[DATA TO PROCESS — start]

Lemma pnorm_ext n p x y : vec_eq n x y -> pnorm n p x = pnorm n p y.
Proof.
  intros H; unfold pnorm; destruct (Req_EM_T p 0).
  - rewrite (nnz_ext n x y H); reflexivity.
  - f_equal; apply Rsum_ext; intros i Hi; rewrite H by exact Hi; reflexivity.
Qed.

Lemma pnorm_lt_iff n p x y : 0 < p ->
  pnorm n p x < pnorm n p y <->
  Rsum (fun i => rpow (Cmod (x i)) p) n < Rsum (fun i => rpow (Cmod (y i)) p) n.
Proof.
  intros Hp; rewrite !pnorm_pos by lra.
  apply rpow_lt_iff; [apply Rinv_0_lt_compat, Hp | apply Rsum_ge0; intros; apply rpow_ge0 ..].
Qed.

Lemma unique_minimizer_lt m n p A x y : unique_lp_minimizer m n p A x ->
  vec_eq m (mulmv n A y) (mulmv n A x) -> ~ vec_eq n y x -> pnorm n p x < pnorm n p y.
Proof.
  intros [Hmin Huniq] Hfeas Hne; apply Rnot_le_lt; intros Hyx.
  apply Hne, Huniq; [exact Hfeas|].
  intros xh Hxh; specialize (Hmin xh Hxh); lra.
Qed.

(* Split [v] in the kernel as [u - w] with [u] supported on [S]: then [A w = A u] and [u] is
   [k]-sparse, so [u] beats [w]. *)
Lemma kp_prop_nsp m n p0 A k v : 0 < p0 -> kp_prop m n p0 A k ->
  (forall i, (i < m)%nat -> mulmv n A v i = C0) -> (exists i, (i < n)%nat /\ v i <> C0) ->
  nsp n k p0 (fun i => Cmod (v i)).
Proof.
  intros Hp0 Hkp Hker [i1 [Hi1 Hv1]] S HS.
  set (u := fun i => if S i then v i else C0).
  set (w := fun i => Csub (u i) (v i)).
  assert (Hu : (nnz n u <= k)%nat).
  { apply INR_le; eapply Rle_trans; [| exact HS]; apply nnz_le_card.
    intros i _ Si; unfold u; rewrite Si; reflexivity. }
  assert (Hfeas : vec_eq m (mulmv n A w) (mulmv n A u)).
  { intros i Hi; unfold w; rewrite mulmv_sub, (Hker i Hi), Csub_0r; reflexivity. }
  assert (Hne : ~ vec_eq n w u) by (intros E; apply Hv1, (Csub_eq_l (u i1)), E, Hi1).
  assert (Hlt := unique_minimizer_lt m n p0 A u w (Hkp u Hu) Hfeas Hne).
  apply pnorm_lt_iff in Hlt; [| exact Hp0].
  assert (Ein : Rsum (fun i => rpow (Cmod (u i)) p0) n = Rsum_in n S (fun i => rpow (Cmod (v i)) p0)).
  { apply Rsum_ext; intros i _; unfold u; destruct (S i); [| rewrite Cmod_C0, rpow_0]; reflexivity. }
  assert (Eout : Rsum (fun i => rpow (Cmod (w i)) p0) n = Rsum_out n S (fun i => rpow (Cmod (v i)) p0)).
  { apply Rsum_ext; intros i _; unfold w, u; destruct (S i);
      [rewrite Csub_diag, Cmod_C0, rpow_0 | rewrite Cmod_sub_0l]; reflexivity. }
  rewrite <- Ein, <- Eout; exact Hlt.
Qed.

(* Off the support [T] of [x] the moduli of [x - y] and [y] agree; on [T], the p-triangle
   inequality bounds [x] by [y] and [x - y]. *)
Lemma nsp_pnorm_lt n k p x y : 0 < p <= 1 -> (nnz n x <= k)%nat ->
  nsp n k p (fun i => Cmod (Csub (x i) (y i))) -> pnorm n p x < pnorm n p y.
Proof.
  intros Hp Hx Hnsp.
  set (T := support x).
  assert (Hlt := Hnsp T ltac:(unfold T; rewrite card_support; apply le_INR, Hx)).
  apply pnorm_lt_iff; [lra|].
  rewrite <- (Rsum_in_out n T (fun i => rpow (Cmod (x i)) p)),
          <- (Rsum_in_out n T (fun i => rpow (Cmod (y i)) p)).
  assert (Rsum_out n T (fun i => rpow (Cmod (x i)) p) = 0).
  { apply Rsum_eq0; intros i _; destruct (T i) eqn:Ti; [reflexivity|].
    rewrite (support_false x i Ti), Cmod_C0, rpow_0; reflexivity. }
  assert (Rsum_in n T (fun i => rpow (Cmod (x i)) p) <=
          Rsum_in n T (fun i => rpow (Cmod (y i)) p) +
          Rsum_in n T (fun i => rpow (Cmod (Csub (x i) (y i))) p)).
  { unfold Rsum_in; rewrite <- Rsum_plus; apply Rsum_le; intros i _; destruct (T i); [| lra].
    eapply Rle_trans; [| apply rpow_subadditive; [lra | apply Cmod_ge0 ..]].
    apply rpow_le; [lra | split; [apply Cmod_ge0 | apply Cmod_sub_triangle]]. }
  assert (Rsum_out n T (fun i => rpow (Cmod (Csub (x i) (y i))) p) =
          Rsum_out n T (fun i => rpow (Cmod (y i)) p)).
  { apply Rsum_ext; intros i _; destruct (T i) eqn:Ti; [reflexivity|].
    rewrite (support_false x i Ti), Cmod_sub_0l; reflexivity. }
  lra.
Qed.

[DATA TO PROCESS — finish]

Please transcribe, exactly and with nothing added, the lines from the first line of the material above through the line that contains "set (w := fun i => Csub (u i) (v i)).".

Lemma pnorm_ext n p x y : vec_eq n x y -> pnorm n p x = pnorm n p y.
Proof.
  intros H; unfold pnorm; destruct (Req_EM_T p 0).
  - rewrite (nnz_ext n x y H); reflexivity.
  - f_equal; apply Rsum_ext; intros i Hi; rewrite H by exact Hi; reflexivity.
Qed.

Lemma pnorm_lt_iff n p x y : 0 < p ->
  pnorm n p x < pnorm n p y <->
  Rsum (fun i => rpow (Cmod (x i)) p) n < Rsum (fun i => rpow (Cmod (y i)) p) n.
Proof.
  intros Hp; rewrite !pnorm_pos by lra.
  apply rpow_lt_iff; [apply Rinv_0_lt_compat, Hp | apply Rsum_ge0; intros; apply rpow_ge0 ..].
Qed.

Lemma unique_minimizer_lt m n p A x y : unique_lp_minimizer m n p A x ->
  vec_eq m (mulmv n A y) (mulmv n A x) -> ~ vec_eq n y x -> pnorm n p x < pnorm n p y.
Proof.
  intros [Hmin Huniq] Hfeas Hne; apply Rnot_le_lt; intros Hyx.
  apply Hne, Huniq; [exact Hfeas|].
  intros xh Hxh; specialize (Hmin xh Hxh); lra.
Qed.

(* Split [v] in the kernel as [u - w] with [u] supported on [S]: then [A w = A u] and [u] is
   [k]-sparse, so [u] beats [w]. *)
Lemma kp_prop_nsp m n p0 A k v : 0 < p0 -> kp_prop m n p0 A k ->
  (forall i, (i < m)%nat -> mulmv n A v i = C0) -> (exists i, (i < n)%nat /\ v i <> C0) ->
  nsp n k p0 (fun i => Cmod (v i)).
Proof.
  intros Hp0 Hkp Hker [i1 [Hi1 Hv1]] S HS.
  set (u := fun i => if S i then v i else C0).
  set (w := fun i => Csub (u i) (v i)).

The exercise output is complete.